Через сто миллионов лет потомки этого организма понимают, что проглоченное им не было отравой, потому что у нас теперь есть митохондрии, и мы можем производить энергию. Или же теперь у нас есть хлоропласты — большое спасибо, господин предок, за то, что ты проглотил эту штуку, хоть и мог думать, что это отрава.

По сути, все эти вещи о будущем — все это и возможность, и страх допустить ошибку. Создавая будущее, важно быть художником, позволять себе глупость.

— Экологичное будущее — это не антропоцентричный мир, это интегрированный мир. Сообщество с биосферой, моя кошка, мой стол — все это, как у Латура, некий парламент вещей.

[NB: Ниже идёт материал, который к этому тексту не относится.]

(* Let $\phi,\alpha,\beta$ be arbitrary formulas (not necessarily sentences). Then $$\{\phi\vee(\alpha\to\beta^n): n\in\mathbb N\}\vDash\phi\vee(\alpha\to(\alpha\&\beta)).$$
   Context: Formulas are built from a countable predicate language (variables, constants, predicate symbols) with connectives $\to,\&$, constant $0$ and quantifiers $\forall,\exists$; abbreviations: $\phi\wedge\psi$ is $\phi\&(\phi\to\psi)$, $\phi\vee\psi$ is $((\phi\to\psi)\to\psi)\wedge((\psi\to\phi)\to\phi)$, $1$ is $0\to0$, $\beta^n$ is the $n$-fold $\&$-power of $\beta$. A continuous t-norm is a continuous binary operation $\cdot$ on $[0,1]$ that is commutative, associative, monotone in each argument and has $1$ as unit; it is regarded as the algebra $([0,1],\cdot,\to,\min,\max,0,1)$ where $\to$ is its residuum ($x\cdot y\le z$ iff $x\le y\to z$). For such a $\mathbf B$, a $\mathbf B$-structure $\mathbf M$ consists of a nonempty set $M$, an element $c^{\mathbf M}\in M$ for each constant $c$, and a function $P^{\mathbf M}:M^n\to[0,1]$ for each $n$-ary predicate $P$. For a valuation $v$ (a map from variables to $M$), $\|\phi\|^{\mathbf M,v}$ is defined inductively: $\|P(t_1,\dots,t_n)\|^{\mathbf M,v}=P^{\mathbf M}(t_1^{\mathbf M,v},\dots,t_n^{\mathbf M,v})$ (with $c^{\mathbf M,v}=c^{\mathbf M}$, $x^{\mathbf M,v}=v(x)$), $\|0\|=0$, $\&$ and $\to$ are interpreted by $\cdot$ and its residuum, $\|\forall x\psi\|^{\mathbf M,v}=\inf\{\|\psi\|^{\mathbf M,w}:w\equiv_x v\}$ and $\|\exists x\psi\|^{\mathbf M,v}=\sup\{\|\psi\|^{\mathbf M,w}:w\equiv_x v\}$, where $w\equiv_x v$ means $w$ agrees with $v$ except possibly at $x$. $\mathbf M$ is a model of $\phi$ if $\|\phi\|^{\mathbf M,v}=1$ for every valuation $v$, and a model of a set $\Gamma$ if it is a model of each member. $\Gamma\vDash\phi$ means: for every continuous t-norm $\mathbf B$ and every $\mathbf B$-structure $\mathbf M$, if $\mathbf M$ is a model of $\Gamma$ then $\mathbf M$ is a model of $\phi$. *)

From Stdlib Require Import Reals.
From mathcomp Require Import all_boot.
From mathcomp Require Import classical_sets reals Rstruct.

Set Implicit Arguments.
Unset Strict Implicit.
Unset Printing Implicit Defensive.

Section Language.
Variables (C P : countType) (ar : P -> nat).

Inductive term : Type :=
  | Var : nat -> term
  | Cst : C -> term.

Inductive formula : Type :=
  | Atom : forall p : P, ('I_(ar p) -> term) -> formula
  | Zero : formula
  | Imp : formula -> formula -> formula
  | Conj : formula -> formula -> formula
  | All : nat -> formula -> formula
  | Ex : nat -> formula -> formula.

Definition One : formula := Imp Zero Zero.
Definition Wedge (a b : formula) : formula := Conj a (Imp a b).
Definition Vee (a b : formula) : formula :=
  Wedge (Imp (Imp a b) b) (Imp (Imp b a) a).
Fixpoint Pow (b : formula) (n : nat) : formula :=
  match n with
  | 0 => One
  | 1 => b
  | S m => Conj b (Pow b m)
  end.

Local Open Scope R_scope.

Definition unit01 (x : R) : Prop := 0 <= x <= 1.

Definition is_cont_tnorm (t : R -> R -> R) : Prop :=
  (forall x y, unit01 x -> unit01 y -> unit01 (t x y)) /\
  (forall x y, unit01 x -> unit01 y -> t x y = t y x) /\
  (forall x y z, unit01 x -> unit01 y -> unit01 z -> t x (t y z) = t (t x y) z) /\
  (forall x y z, unit01 x -> unit01 y -> unit01 z -> x <= y -> t x z <= t y z) /\
  (forall x, unit01 x -> t x 1 = x) /\
  (forall x y, unit01 x -> unit01 y -> forall eps, 0 < eps ->
     exists delta, 0 < delta /\
       forall x' y', unit01 x' -> unit01 y' ->
         Rabs (x - x') < delta -> Rabs (y - y') < delta ->
         Rabs (t x y - t x' y') < eps).

Definition resid (t : R -> R -> R) (x y : R) : R :=
  sup (fun z : R => unit01 z /\ t x z <= y).

Record structure : Type := Structure {
  dom : Type;
  dom_elt : dom;                                     (* nonempty *)
  cst_i : C -> dom;
  pred_i : forall p : P, ('I_(ar p) -> dom) -> R;
  pred_i01 : forall p (xs : 'I_(ar p) -> dom), unit01 (pred_i xs)
}.

Definition tm_eval (M : structure) (v : nat -> dom M) (s : term) : dom M :=
  match s with Var n => v n | Cst c => cst_i M c end.

Definition upd (M : structure) (v : nat -> dom M) (x : nat) (m : dom M) :
  nat -> dom M := fun n => if n == x then m else v n.

Fixpoint eval (t : R -> R -> R) (M : structure) (v : nat -> dom M)
  (f : formula) : R :=
  match f with
  | Atom p ts => pred_i (s:=M) (p:=p) (fun i => @tm_eval M v (ts i))
  | Zero => 0
  | Imp a b => resid t (@eval t M v a) (@eval t M v b)
  | Conj a b => t (@eval t M v a) (@eval t M v b)
  | All x a => inf (fun r : R => exists m : dom M, r = @eval t M (@upd M v x m) a)
  | Ex x a => sup (fun r : R => exists m : dom M, r = @eval t M (@upd M v x m) a)
  end.

Definition model_of (t : R -> R -> R) (M : structure) (f : formula) : Prop :=
  forall v : nat -> dom M, @eval t M v f = 1.

Definition entails (Gamma : formula -> Prop) (phi : formula) : Prop :=
  forall t : R -> R -> R, is_cont_tnorm t ->
  forall M : structure,
    (forall g, Gamma g -> model_of t M g) -> model_of t M phi.

End Language.

(* If [a <= b^n] for all [n], let [c] be the infimum of the powers [b^n]; by
   continuity [b * c = c].  Since [a <= c = c * 1] and [0 = c * 0], the
   intermediate value theorem writes [a = c * w], whence
   [a * b = (b * c) * w = c * w = a].  Applied to [a = ||alpha||] and
   [b = ||beta||] this turns [alpha -> beta^n = 1] for all [n] into
   [alpha -> alpha & beta = 1]; and a disjunction [phi \/ psi] evaluates to
   [1] exactly when one of the disjuncts does. *)
From Stdlib Require Import Reals Lra.
From mathcomp Require Import all_boot.
From mathcomp Require Import classical_sets reals Rstruct.
Local Open Scope R_scope.

Section SupInf.
Context {E : set R}.

Lemma sup_upper_boundR {B x} : (forall z, E z -> z <= B) -> E x -> x <= sup E.
Proof.
move=> hB Ex; apply/RleP/sup_upper_bound => //.
by split; [exists x | exists B => z /hB /RleP].
Qed.

Lemma ge_supR {B} : (exists x, E x) -> (forall z, E z -> z <= B) -> sup E <= B.
Proof. by move=> hE hB; apply/RleP/ge_sup => // z /hB /RleP. Qed.

Lemma sup_adherentR {B} eps : (exists x, E x) -> (forall z, E z -> z <= B) ->
  0 < eps -> exists2 e, E e & sup E - eps < e.
Proof.
move=> hE hB /RltP he.
have [|e Ee /RltP] := sup_adherent (E := E) he; last by exists e.
by split => //; exists B => z /hB /RleP.
Qed.

Lemma ge_infR {B x} : (forall z, E z -> B <= z) -> E x -> inf E <= x.
Proof. by move=> hB Ex; apply/RleP/ge_inf => //; exists B => z /hB /RleP. Qed.

Lemma lb_le_infR {x} : (exists y, E y) -> (forall z, E z -> x <= z) -> x <= inf E.
Proof. by move=> hE hB; apply/RleP/lb_le_inf => // z /hB /RleP. Qed.

Lemma inf_adherentR {B} eps : (exists x, E x) -> (forall z, E z -> B <= z) ->
  0 < eps -> exists2 e, E e & e < inf E + eps.
Proof.
move=> hE hB /RltP he.
have [|e Ee /RltP] := inf_adherent (E := E) he; last by exists e.
by split => //; exists B => z /hB /RleP.
Qed.

Lemma sup_unit01 : (exists x, E x) -> (forall z, E z -> unit01 z) -> unit01 (sup E).
Proof.
move=> [x Ex] h01; have [x0 _] := h01 x Ex; split.
- by apply: Rle_trans x0 _; apply: (sup_upper_boundR (B := 1)) Ex => z /h01 [].
- by apply: ge_supR; [exists x | move=> z /h01 []].
Qed.

Lemma inf_unit01 : (exists x, E x) -> (forall z, E z -> unit01 z) -> unit01 (inf E).
Proof.
move=> [x Ex] h01; have [_ x1] := h01 x Ex; split.
- by apply: lb_le_infR; [exists x | move=> z /h01 []].
- by apply: Rle_trans _ x1; apply: (ge_infR (B := 0)) Ex => z /h01 [].
Qed.

End SupInf.

Lemma unit01_0 : unit01 0. Proof. rewrite /unit01; lra. Qed.
Lemma unit01_1 : unit01 1. Proof. rewrite /unit01; lra. Qed.

(* Composing with [clamp] turns [t c] into a continuous function on all of [R],
   as the intermediate value theorem [IVT_cor] requires. *)
Definition clamp (z : R) : R := Rmax 0 (Rmin 1 z).

Lemma clamp_unit01 z : unit01 (clamp z).
Proof. rewrite /clamp /unit01 /Rmax /Rmin; repeat case: Rle_dec; lra. Qed.

Lemma clamp_id z : unit01 z -> clamp z = z.
Proof. rewrite /clamp /unit01 /Rmax /Rmin; repeat case: Rle_dec; lra. Qed.

Lemma clamp_1lipschitz x y : Rabs (clamp x - clamp y) <= Rabs (x - y).
Proof.
rewrite /clamp /Rmax /Rmin.
case: (Rle_dec 1 x) => ?; case: (Rle_dec 1 y) => ?;
by repeat case: Rle_dec => ?; rewrite /Rabs; repeat case: Rcase_abs => ?; lra.
Qed.

Section ContinuousTNorm.
Context {t : R -> R -> R} (Ht : is_cont_tnorm t).
Lemma ancestor_depth_lt u v : ancestor u v -> u != v -> depth u < depth v.
Proof.
case/root_path_prefix => -[|a t]; rewrite /depth => h uv.
  by rewrite cats0 in h; rewrite (root_path_inj h) eqxx in uv.
by rewrite h size_cat /= addnS ltnS leq_addr.
Qed.

Lemma root_path_rcons x w :
  e x w -> ancestor w x -> root_path x = rcons (root_path w) x.
Proof.
move=> exw /[dup] awx /root_path_prefix [t ht].
have wx : w != x by apply: contraTneq exw => ->; rewrite eirr.
have [px lx ux] := root_pathP x; have [pw lw uw] := root_pathP w.
have xt : x \in t.
  case: t ht => [|a t] ht.
    by rewrite cats0 in ht; rewrite (root_path_inj ht) eqxx in wx.
  by move: lx; rewrite ht last_cat lw /= => <-; exact: mem_last.
have xnw : x \notin r :: root_path w.
  by move: ux; rewrite ht -cat_cons cat_uniq => /and3P [_ /hasPn H _]; exact: H.
apply: root_pathE.
- by rewrite rcons_path pw lw esym.
- by rewrite last_rcons.
- by rewrite -rcons_cons rcons_uniq xnw uw.
Qed.

Lemma par_spec x : x != r -> e x (par e r x) /\ ancestor (par e r x) x.
Proof.
move=> xr; have [px lx ux] := root_pathP x.
have [q hq] : exists q, root_path x = rcons q x.
  move: lx; case/lastP: (root_path x) => [/= lx|q y]; first by rewrite lx eqxx in xr.
  by rewrite last_rcons => ->; exists q.
rewrite hq rcons_path in px; case/andP: px => _ ewx.
have awx : ancestor (last r q) x.
  by rewrite /ancestor hq -rcons_cons mem_rcons in_cons mem_last orbT.
rewrite /par (negbTE xr); case: pickP => [w /andP [exw /asboolP /ancE awx'] | none] //.
by have := none (last r q); rewrite esym ewx; have /ancE/asboolP -> := awx.
Qed.

Lemma root_path_par x : x != r -> root_path x = rcons (root_path (par e r x)) x.
Proof. by case/par_spec => exr apx; exact: root_path_rcons. Qed.

Lemma par_unique x w : e x w -> ancestor w x -> w = par e r x.
Proof.
move=> exw awx.
have xr : x != r.
  by apply: contraTneq exw => xr; move: awx; rewrite xr => /ancestor_root ->; rewrite eirr.
apply: root_path_inj; apply: (@rcons_injl _ x).
by rewrite -(root_path_rcons exw awx) -root_path_par.
Qed.

Lemma depth_par x : x != r -> depth x = (depth (par e r x)).+1.
Proof. by move=> xr; rewrite /depth {1}(root_path_par xr) size_rcons. Qed.

Lemma ancestor_par x : ancestor (par e r x) x.
Proof.
have [->|xr] := eqVneq x r; first by rewrite /par eqxx; exact: ancestor_refl.
by case: (par_spec xr).
Qed.

Lemma ancestor_iter_par m x : ancestor (iter m (par e r) x) x.
Proof.
elim: m => [|m IH]; first exact: ancestor_refl.
by rewrite iterS; apply: ancestor_trans (ancestor_par _) IH.
Qed.

Lemma ancestor_par_of_neq w x :
  ancestor w x -> w != x -> x != r /\ ancestor w (par e r x).
Proof.
move=> awx wx.
have xr : x != r.
  by apply: contraNneq wx => xr; move: awx; rewrite xr => /ancestor_root ->.
split => //.
by move: awx; rewrite /ancestor (root_path_par xr) -rcons_cons mem_rcons in_cons (negbTE wx).
Qed.

Lemma edge_par_cases x y : e x y ->
  (y = par e r x /\ x != r) \/ (x = par e r y /\ y != r).
Proof.
move=> exy; have [ayx|nayx] := boolP (ancestor y x).
  left; split; first exact: par_unique.
  by apply: contraTneq exy => xr; move: ayx; rewrite xr => /ancestor_root ->; rewrite eirr.
right; have [px lx ux] := root_pathP x.
have hy : root_path y = rcons (root_path x) y.
  apply: root_pathE; first by rewrite rcons_path px lx.
    by rewrite last_rcons.
  by rewrite -rcons_cons rcons_uniq nayx ux.
have yr : y != r by apply: contraNneq nayx => ->; rewrite /ancestor mem_head.
split => //; apply: root_path_inj; apply: (@rcons_injl _ y).
by rewrite -hy -root_path_par.
Qed.

Lemma walk_common_ancestor u s : path e u s -> exists2 w,
  ancestor w u /\ ancestor w (last u s) &
  depth u - depth w + (depth (last u s) - depth w) <= size s.
Proof.
elim: s u => [|x s IH] u /=; first by exists u; rewrite ?ancestor_refl ?subnn.
case/andP => eux /IH [w [awx awl] hd].
case: (edge_par_cases eux) => [[xE ur] | [uE xr]]; subst.
  exists w; first by split=> //; exact: ancestor_trans awx (ancestor_par u).
  by have := depth_par ur; have := ancestor_depth awx; lia.
have [wx|wx] := eqVneq w x; first subst w.
  exists (par e r x).
    by split; [exact: ancestor_refl | exact: ancestor_trans (ancestor_par x) awl].
  by have := depth_par xr; have := ancestor_depth awl; lia.
have [_ awp] := ancestor_par_of_neq awx wx.
by exists w => //; have := depth_par xr; have := ancestor_depth awp; lia.
Qed.

Lemma iter_par_ancestor m w x :
  ancestor w x -> depth x - depth w <= m -> ancestor (iter m (par e r) x) w.
Proof.
elim: m x => [|m IH] x awx hd.
  have [->|wx] := eqVneq w x; first exact: ancestor_refl.
  by have := ancestor_depth_lt awx wx; lia.
have [->|wx] := eqVneq w x; first exact: ancestor_iter_par.
have [xr awp] := ancestor_par_of_neq awx wx.
by rewrite iterSr; apply: IH => //; have := depth_par xr; lia.
Qed.

(* A deepest descendant of x is a leaf, provided the tree is not a single vertex. *)
Lemma exists_leaf_descendant x y : y != r -> exists2 l, ancestor x l & is_leaf e l.
Proof.
move=> yr; have [l axl lmax] := @arg_maxnP V x (ancestor x) depth (ancestor_refl x).
exists l => //.
have lr : l != r.
  apply: contraNneq yr => lr; move: axl lmax; rewrite lr => /ancestor_root -> lmax.
  have := lmax y; rewrite /ancestor mem_head /depth root_path_root => /(_ isT).
  rewrite /geq /= leqn0 => /eqP/size0nil hy; have [_ ly _] := root_pathP y.
  by rewrite -ly hy.
rewrite /is_leaf /deg; suff -> : [set w | e l w] = [set par e r l] by rewrite cards1.
apply/setP => w; rewrite !inE; apply/idP/eqP => [elw | ->]; last by case: (par_spec lr).
case: (edge_par_cases elw) => [[] // | [lE wr]].
have := lmax w (ancestor_trans axl _); rewrite lE ancestor_par (depth_par wr) -lE.
by move=> /(_ isT); lia.
Qed.

Lemma iter_par_common_descendant i j w a b :
  ancestor w a -> ancestor w b ->
  depth a - depth w + (depth b - depth w) <= (i + j).+1 ->
  exists2 y, ancestor (iter i (par e r) a) y & ancestor (iter j (par e r) b) y.
Proof.
move=> awa awb hab; have [hi | hi] := leqP (depth a - depth w) i.
  exists b; last exact: ancestor_iter_par.
  exact: ancestor_trans (iter_par_ancestor awa hi) awb.
exists a; first exact: ancestor_iter_par.
by apply: ancestor_trans (iter_par_ancestor awb _) awa; lia.
Qed.
Lemma kron_jordan1_nilpotent p m : p \in [pchar R] ->
  (r <= p ^ m)%N -> (p ^ m %| s)%N -> (kJJ - 1) ^+ s = 0.
Proof.
move=> pR hr /dvdnP[b es]; set q := (p ^ m)%N in hr es.
have [h eh] := exprD_modl (x ^+ q * (1 + 'Y ^+ q)) ('Y ^+ q) b.
have zq : z ^+ q = x ^+ q * (1 + 'Y ^+ q) + 'Y ^+ q by rewrite z_frobenius //; ring.
have zs : z ^+ s = 'Y ^+ s + x ^+ q * ((1 + 'Y ^+ q) * h).
  by rewrite es mulnC !exprM zq eh mulrA.
apply: trunc_rV_monomials_eq0 => i j _ _.
rewrite -trunc_rV_mulzn zs mulrDr trunc_rVD -mulrA -exprD mulrC.
rewrite trunc_rV_YnM_eq0 ?leq_addl //.
by rewrite add0r mulrACA -exprD trunc_rV_XnM_eq0 // (leq_trans hr (leq_addl _ _)).
Qed.

Lemma coef_z_exp p k b : p \in [pchar R] -> (0 < b)%N ->
  (z ^+ (p ^ k * b))`_(p ^ k)`_(p ^ k * b - p ^ k) = b%:R.
Proof.
move=> pR; set q := (p ^ k)%N; case: b => [//|c] _.
have q0 : (0 < q)%N by rewrite expn_gt0 prime_gt0 // (pcharf_prime pR).
have [h eh] := exprD_modl_sqr (x ^+ q * (1 + 'Y ^+ q)) ('Y ^+ q) c.+1.
have zq : z ^+ q = x ^+ q * (1 + 'Y ^+ q) + 'Y ^+ q by rewrite z_frobenius //; ring.
have E : z ^+ (q * c.+1) = x ^+ 0 * 'Y ^+ (q * c.+1)
    + (x ^+ q * 'Y ^+ (q * c) + x ^+ q * 'Y ^+ (q * c.+1)) *+ c.+1
    + x ^+ (q + q) * ((1 + 'Y ^+ q) ^+ 2 * h).
  by rewrite exprM zq eh !exprM exprD !exprS /=; ring.
have e1 : (q * c.+1 - q = q * c)%N by rewrite mulnS addKn.
have e2 : (q * c == q * c.+1)%N = false by rewrite mulnS; lia.
have e3 : (q < q + q)%N by lia.
rewrite E !(coefD, coefMn) !coef_monomial coefXnM e3 coef0 addr0 e1 e2 eqxx.
by rewrite andbF eqxx /= add0r addr0.
Qed.
(* For every set of names $\rho$ and processes $P,Q$: if $\rho\vdash P$ and $P\equiv Q$ then $\rho\vdash Q$.
   Context: Let $\mathcal N$ be a countable set of names. Processes are generated by $P,Q ::= 0 \mid P\mid Q \mid (\nu a)P \mid (a)P \mid \alpha.P$, where $(\nu a)P$ is name restriction (binding $a$), $(a)P$ is the authorization scope ($a$ not bound), and prefixes are $\alpha ::= \overline{a}\langle b\rangle$ (output) $\mid a(x)$ (input, binding $x$) $\mid \overline{a}\langle\!\langle b\rangle\!\rangle$ (send authorization for $b$ on $a$) $\mid a\langle\!\langle b\rangle\!\rangle$ (receive authorization for $b$ on $a$; $b$ not bound). Free names: $\mathrm{fn}(0)=\emptyset$, $\mathrm{fn}(P\mid Q)=\mathrm{fn}(P)\cup\mathrm{fn}(Q)$, $\mathrm{fn}((\nu a)P)=\mathrm{fn}(P)\setminus\{a\}$, $\mathrm{fn}((a)P)=\{a\}\cup\mathrm{fn}(P)$, $\mathrm{fn}(\overline{a}\langle b\rangle.P)=\mathrm{fn}(\overline{a}\langle\!\langle b\rangle\!\rangle.P)=\mathrm{fn}(a\langle\!\langle b\rangle\!\rangle.P)=\{a,b\}\cup\mathrm{fn}(P)$, $\mathrm{fn}(a(x).P)=\{a\}\cup(\mathrm{fn}(P)\setminus\{x\})$. Structural congruence $\equiv$ is the least congruence on processes satisfying: $P\mid 0\equiv P$; $P\mid Q\equiv Q\mid P$; $(P\mid Q)\mid R\equiv P\mid(Q\mid R)$; $(\nu a)0\equiv 0$; $(\nu a)(\nu b)P\equiv(\nu b)(\nu a)P$; $P\mid(\nu a)Q\equiv(\nu a)(P\mid Q)$ if $a\notin\mathrm{fn}(P)$; $P\equiv Q$ whenever $P,Q$ are $\alpha$-convertible; $(a)(b)P\equiv(b)(a)P$; $(a)0\equiv 0$; $(a)(P\mid Q)\equiv(a)P\mid(a)Q$; $(a)(\nu b)P\equiv(\nu b)(a)P$ if $a\neq b$. The typing judgment $\rho\vdash P$ ($\rho$ a set of names) is the least relation closed under the rules: $\emptyset\vdash 0$; if $\rho_1\vdash P$ and $\rho_2\vdash Q$ then $\rho_1\cup\rho_2\vdash P\mid Q$; if $\rho\vdash P$ and $a\notin\rho$ then $\rho\vdash(\nu a)P$; if $\rho\vdash P$ then $\rho\setminus\{a\}\vdash(a)P$; if $\rho\vdash P$ then $\rho\cup\{a\}\vdash\overline{a}\langle b\rangle.P$; if $\rho\vdash P$ and $x\notin\rho$ then $\rho\cup\{a\}\vdash a(x).P$; if $\rho\vdash P$ and $b\notin\rho$ then $\rho\cup\{a,b\}\vdash\overline{a}\langle\!\langle b\rangle\!\rangle.P$; if $\rho\vdash P$ then $(\rho\setminus\{b\})\cup\{a\}\vdash a\langle\!\langle b\rangle\!\rangle.P$. *)

From HB Require Import structures.
From mathcomp Require Import all_boot.
From mathcomp Require Import finmap.
Set Implicit Arguments. Unset Strict Implicit. Unset Printing Implicit Defensive.
Local Open Scope fset_scope.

Нужно ли нам позвать коронавирус в наш идеалистичный биосферический мир?

– Во-первых, мы уже его позвали. Мы не то чтобы приглашаем кого-то в биосферу, она уже здесь, в ваших руках, ногах, мозгах. Идея о том, что мы живем в отдельном человеческом социальном пространстве, — это иллюзия.

Философская идея о том, что у всего есть какой-то смысл, что существует движение вперед и прогресс — все это совершенно ложные мысли. Мне кажется, что жизнь говорит что-то истинное о структуре реальности, жизнь — это небольшое сопротивление энтропии. Сказать, что все идет в конкретном направлении, — это неправильно, мы сопротивляемся этому. На самом деле, жизнь подтверждает квантовую теорию, жизнь — это не идея жизни или идея не-жизни, жизнь — это нечто вибрирующее и сияющее, то, что можно примерно назвать словом «ритм». Но если сделать очень подробную кардиограмму, то там другой ритм, дрожащий, сбивчивый, от которого у вас может случиться приступ. Так вот, это дрожание как раз и показывает то, как вещи сами по себе постоянно вибрируют.

Речь не о том, чтобы стало лучше, не о существовании и несуществовании, а о том, чтобы позволить этому дрожанию, этим вибрациям существовать. Главная проблема с этим миром не в том, что у нас слишком много удовольствия, а в том, что его, наоборот, слишком мало. Я хочу, чтобы удовольствие испытывали дельфины, кораллы, сосны… То есть, когда я понимаю, что происходит с животным, когда я его ем, я перестаю испытывать от этого удовольствие. Но, когда я отказываюсь от убийства и насилия, это ощущается очень естественно.

— В «Темной экологии» и других ваших книгах вы пишете, что немного отодвигаетесь от технологической повестки. Однако в традиционном смысле экологическая повестка считается очень связанной с технологиями: мы можем решить технологические проблемы с помощью нанотехнологий, использовать электромобили вместо бензина и так далее. Как отражена данная проблема в вашем темном экологическом подходе?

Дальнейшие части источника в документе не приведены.